Поставил он «Саломею», как всегда, скорее с намерением поразить публику, чем сделать что-то принципиально новое. Пьесу Таиров любил, но узнать ее в постановке Евреинова не мог. Это были принципы евреиновского театра, выраженные впрямую, иллюстративно. Так как в спектакле не была занята Вера Федоровна, посчитавшая себя слишком старой для Саломеи, Евреинов разыгрался вовсю.
Следовало стереть даже память о Мейерхольде, и сделать это лучше его же оружием — крайней остротой постановки.
Евреинов был скорее интеллектуалом в режиссуре, как и Комиссаржевский — художником. В актерском же деле оба они оставались дилетантами. Кроме таланта, им не хватало мейерхольдовской страстности. И еще кое-чего.
Особенно Евреинову. Посвященным всегда казалось, что ему нравится не играть в театре, а играть в театр. Это было место, где он мог позволить себе все. С большой легкостью совершал ошибки, ничуть не раскаиваясь, потому что сам не знал, чего искал. Позволял себе быть предельно экстравагантным. Но быть таковым в остроумнейшем театре малых форм «Кривое зеркало» — одно, а в театре Комиссаржевской все-таки следовало вести себя поосторожней.
Евреинова это не смущало. Он всю жизнь объяснялся в любви к театру, как никто до него, но всех больше любил самого себя. Новаторство Евреинова было в прелести безответственности.
Время конечно же сделало каждого из этих режиссеров мучеником, но оно же все расставило по местам.
И вот вышла «Саломея». Работа над ней сопровождалась скандалом и потому вызвала необыкновенный ажиотаж. Разрешенную цензурой пьесу запретил Священный синод — ему казалась кощунственной демонстрация на сцене отношения падчерицы царя Ирода Саломеи к пророку Иоканаану.
Комиссаржевская отчаянно сопротивлялась запрету, подстрекаемая Федором Федоровичем, она вложила в постановку все сбережения, но «Саломею» спасти не удалось. Единственное, что разрешили, — это публичную генеральную.
«Саломея» создавала иллюзию новаторства своей хаотичностью и бессмысленностью. Она была пародией на гениальность. Оформлял ее новый друг Веры Федоровны, художник Калмаков, полная противоположность Евреинову, демонический человек, чуть ли не сатанист. Ему она позволяла всё.
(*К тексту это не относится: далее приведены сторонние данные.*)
(* Let $u$ be a one-sided Sturmian sequence and $(X_u^+,\sigma)$ its associated Sturmian system. In the HB diagram of $X_u^+$, for every $n\ge1$ there are exactly $n+1$ paths of length $n$ starting from either the vertex $0$ or the vertex $1$.
   Context: A sequence $u\in\{0,1\}^{\mathbb N}$ is Sturmian if for every $n\ge1$ exactly $n+1$ distinct blocks of length $n$ occur in $u$. $X_u^+$ is the closure of $\{\sigma^n u:n\in\mathbb N\}$, $\sigma$ the shift $(\sigma x)_i=x_{i+1}$, and $\tilde X_u=\{x\in\{0,1\}^{\mathbb Z}: x_px_{p+1}\dots\in X_u^+\ \forall p\}$ its natural extension. For a block $a_{-n}\dots a_0$ occurring in $\tilde X_u$, $\mathrm{fol}(a_{-n}\dots a_0)=\{b_0b_1\dots\in X_u^+:\exists b\in\tilde X_u,\ b_{-n}\dots b_0=a_{-n}\dots a_0\}$. A block $a_{-n}\dots a_0$ ($n\ge1$) is significant if $\mathrm{fol}(a_{-n}\dots a_0)\subsetneq\mathrm{fol}(a_{-n+1}\dots a_0)$; the blocks $0$ and $1$ are also significant. $\mathrm{sig}(\cdot)$ is the longest significant suffix. The HB diagram has vertex set the significant blocks and an arrow $\alpha\to\beta$ iff there is a symbol $b$ with $\alpha b$ occurring in $\tilde X_u$ and $\beta=\mathrm{sig}(\alpha b)$. The length of a path is its number of vertices. *)

From mathcomp Require Import all_boot all_algebra.
Set Implicit Arguments. Unset Strict Implicit. Unset Printing Implicit Defensive.
Import GRing.Theory Num.Theory.
Local Open Scope ring_scope.

Definition has_card (T : eqType) (P : T -> Prop) (k : nat) : Prop :=
  exists s : seq T, [/\ uniq s, size s = k & forall x, x \in s <-> P x].

Definition block_at (x : nat -> bool) (i n : nat) : seq bool :=
  [seq x (i + k)%N | k <- iota 0 n].

Definition sturmian (u : nat -> bool) : Prop :=
  forall n : nat, (1 <= n)%N ->
    has_card (fun w : seq bool => size w = n /\ exists i, w = block_at u i n) n.+1.

Definition shiftn (n : nat) (x : nat -> bool) : nat -> bool := fun i => x (n + i)%N.

(* X_u^+ : closure of the orbit {sigma^n u} in the product topology of
   {0,1}^N (x is a limit of shifts of u iff every prefix of x is matched by
   some shift of u). *)
Definition Xplus (u : nat -> bool) (x : nat -> bool) : Prop :=
  forall N : nat, exists n : nat, forall i : nat, (i < N)%N -> shiftn n u i = x i.

Definition Xtilde (u : nat -> bool) (x : int -> bool) : Prop :=
  forall p : int, Xplus u (fun i : nat => x (p + i%:Z)).

Definition occurs (u : nat -> bool) (w : seq bool) : Prop :=
  exists x : int -> bool, Xtilde u x /\
    exists p : int, forall k : nat, (k < size w)%N -> x (p + k%:Z) = nth false w k.

(* fol(a_(-n) ... a_0) for a block w = a_(-n) ... a_0 (so n = size w - 1):
   the y in X_u^+ such that some b in X~_u has b_(-n)..b_0 = w and
   b_0 b_1 ... = y. *)
Definition fol (u : nat -> bool) (w : seq bool) (y : nat -> bool) : Prop :=
  Xplus u y /\
  exists b : int -> bool, [/\ Xtilde u b,
    (forall k : nat, (k < size w)%N -> b (k%:Z - (size w).-1%:Z) = nth false w k)
    & forall i : nat, b i%:Z = y i].

Definition significant (u : nat -> bool) (w : seq bool) : Prop :=
  (size w = 1%N) \/
  [/\ (2 <= size w)%N, occurs u w,
      (forall y, fol u w y -> fol u (behead w) y)
    & exists y, fol u (behead w) y /\ ~ fol u w y].

Definition is_sig (u : nat -> bool) (w beta : seq bool) : Prop :=
  [/\ suffix beta w, significant u beta
    & forall g : seq bool, suffix g w -> significant u g -> (size g <= size beta)%N].

Definition hb_arrow (u : nat -> bool) (alpha beta : seq bool) : Prop :=
  significant u alpha /\
  exists b : bool, occurs u (rcons alpha b) /\ is_sig u (rcons alpha b) beta.

(* a path in the HB diagram, given as its list of vertices
   (its length is the number of vertices) *)
Fixpoint hb_path_from (u : nat -> bool) (v : seq bool) (p : seq (seq bool)) : Prop :=
  match p with
  | [::] => True
  | w :: p' => hb_arrow u v w /\ hb_path_from u w p'
  end.

Definition hb_path (u : nat -> bool) (p : seq (seq bool)) : Prop :=
  match p with
  | [::] => False
  | v :: p' => significant u v /\ hb_path_from u v p'
  end.

(* Reading a block w = a_1 ... a_n letter by letter from the vertex a_1 follows the
   HB path sig(a_1), sig(a_1 a_2), ..., sig(w): every suffix of w at least as long as
   sig(w) has the same follower set as sig(w), so w b occurs iff sig(w) b does, and
   sig(w b) = sig(sig(w) b).  Conversely every path from a one-letter vertex arises in
   this way, and the last letters of its vertices give back w.  So the paths of length n
   from 0 or 1 are in bijection with the blocks of length n occurring in the natural
   extension.  These are exactly the n+1 factors of u of length n: a Sturmian sequence is
   recurrent (otherwise its shift would have at most m factors of some length m, hence be
   eventually periodic by the Morse-Hedlund argument, and so would u), hence each factor
   extends on both sides indefinitely and yields a point of the natural extension. *)

From mathcomp Require Import all_boot all_algebra.
From mathcomp Require Import zify ring.
From Stdlib Require Import Classical ClassicalEpsilon.
Set Implicit Arguments. Unset Strict Implicit. Unset Printing Implicit Defensive.
Import GRing.Theory Num.Theory.

Lemma rcons_neq0 (T : Type) (s : seq T) x : rcons s x <> [::].
Proof. by case: s. Qed.

Lemma suffix_eq_size (T : eqType) (s t w : seq T) :
  suffix s w -> suffix t w -> size s = size t -> s = t.
Proof. by rewrite !suffixE => /eqP sE /eqP tE st; rewrite -sE st tE. Qed.

Lemma suffix_leq_size (T : eqType) (s t w : seq T) :
  suffix s w -> suffix t w -> size s <= size t -> suffix s t.
Proof.
move=> sw tw st; have tw_le := size_suffix tw.
rewrite !suffixE in sw tw; move/eqP: sw => sE; move/eqP: tw => tE.
have -> : s = drop (size t - size s) t.
  by rewrite -{2}tE drop_drop -{1}sE; congr drop; lia.
exact: suffix_drop.
Qed.

Lemma suffix_behead (T : eqType) (s w : seq T) : suffix s w -> suffix (behead s) w.
Proof. by apply: suffix_trans; rewrite -drop1 suffix_drop. Qed.

Lemma uniq_map_in_inj (T1 T2 : eqType) (f : T1 -> T2) (s : seq T1) :
  uniq (map f s) -> {in s &, injective f}.
Proof.
elim: s => [//|z s IH] /= /andP [fz us] x y.
rewrite !inE => /predU1P [->|xs] /predU1P [->|ys] // fxy.
- by move: fz; rewrite fxy map_f.
- by move: fz; rewrite -fxy map_f.
- exact: IH.
Qed.

Lemma bounded_ex_max (P : nat -> Prop) B : (exists m, P m) -> (forall m, P m -> m <= B) ->
  exists k, P k /\ forall m, P m -> m <= k.
Proof.
elim: B => [|B IH] [m Pm] leB.
  by exists m; split=> // m' /leB; have := leB m Pm; rewrite !leqn0 => /eqP-> /eqP->.
have [PB|nPB] := classic (P B.+1); first by exists B.+1.
apply: IH; first by exists m.
by move=> m' Pm'; rewrite -ltnS ltn_neqAle leB // andbT; apply: contraPneq nPB => <-.
Qed.

Lemma size_block u i n : size (block_at u i n) = n.
Proof. by rewrite size_map size_iota. Qed.

Lemma nth_block u i n r : r < n -> nth false (block_at u i n) r = u (i + r).
Proof. by move=> rn; rewrite (nth_map 0) ?size_iota // nth_iota. Qed.

Lemma blockP u i n w : w = block_at u i n <->
  size w = n /\ forall r, r < n -> nth false w r = u (i + r).
Proof.
split=> [->|[<- wE]]; first by split; [exact: size_block | exact: nth_block].
by apply: (@eq_from_nth _ false) => [|r rw]; rewrite ?size_block ?nth_block ?wE.
Qed.

Lemma take_block u i k n : k <= n -> take k (block_at u i n) = block_at u i k.
Proof.
move=> kn; apply/blockP; rewrite size_takel ?size_block //.
by split=> // r rk; rewrite nth_take // nth_block // (leq_trans rk).
Qed.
Получилась пародия на спектакли Мейерхольда. Возможно, неосознанно, как всегда, талант пародиста взял вверх у Евреинова над серьезностью намерений драматического режиссера.
Единственное, что примиряло этот спектакль с Таировым, — кратковременность жизни самого спектакля. Но он и в самом деле выглядел эфемерно, напоминал прихотливый рисунок на крыльях бабочки. Не поддержанный подлинной режиссерской страстью, он становился ненадежным, по ходу спектакля осыпался.
Весь перепоясанный, перекореженный, задекорированный. Сплошные узоры — узоры костюмов, узоры мизансцен, музыкальные узоры. Пряность Востока в этой, в общем-то, балансирующей на грани запретного, пьесе выглядела вполне кафешантанно.
По разлинованному полу выхаживали разлинованные люди, пространство напоминало прихотливую и бессмысленную татуировку, которая с появлением каждого человека становилась все сложней.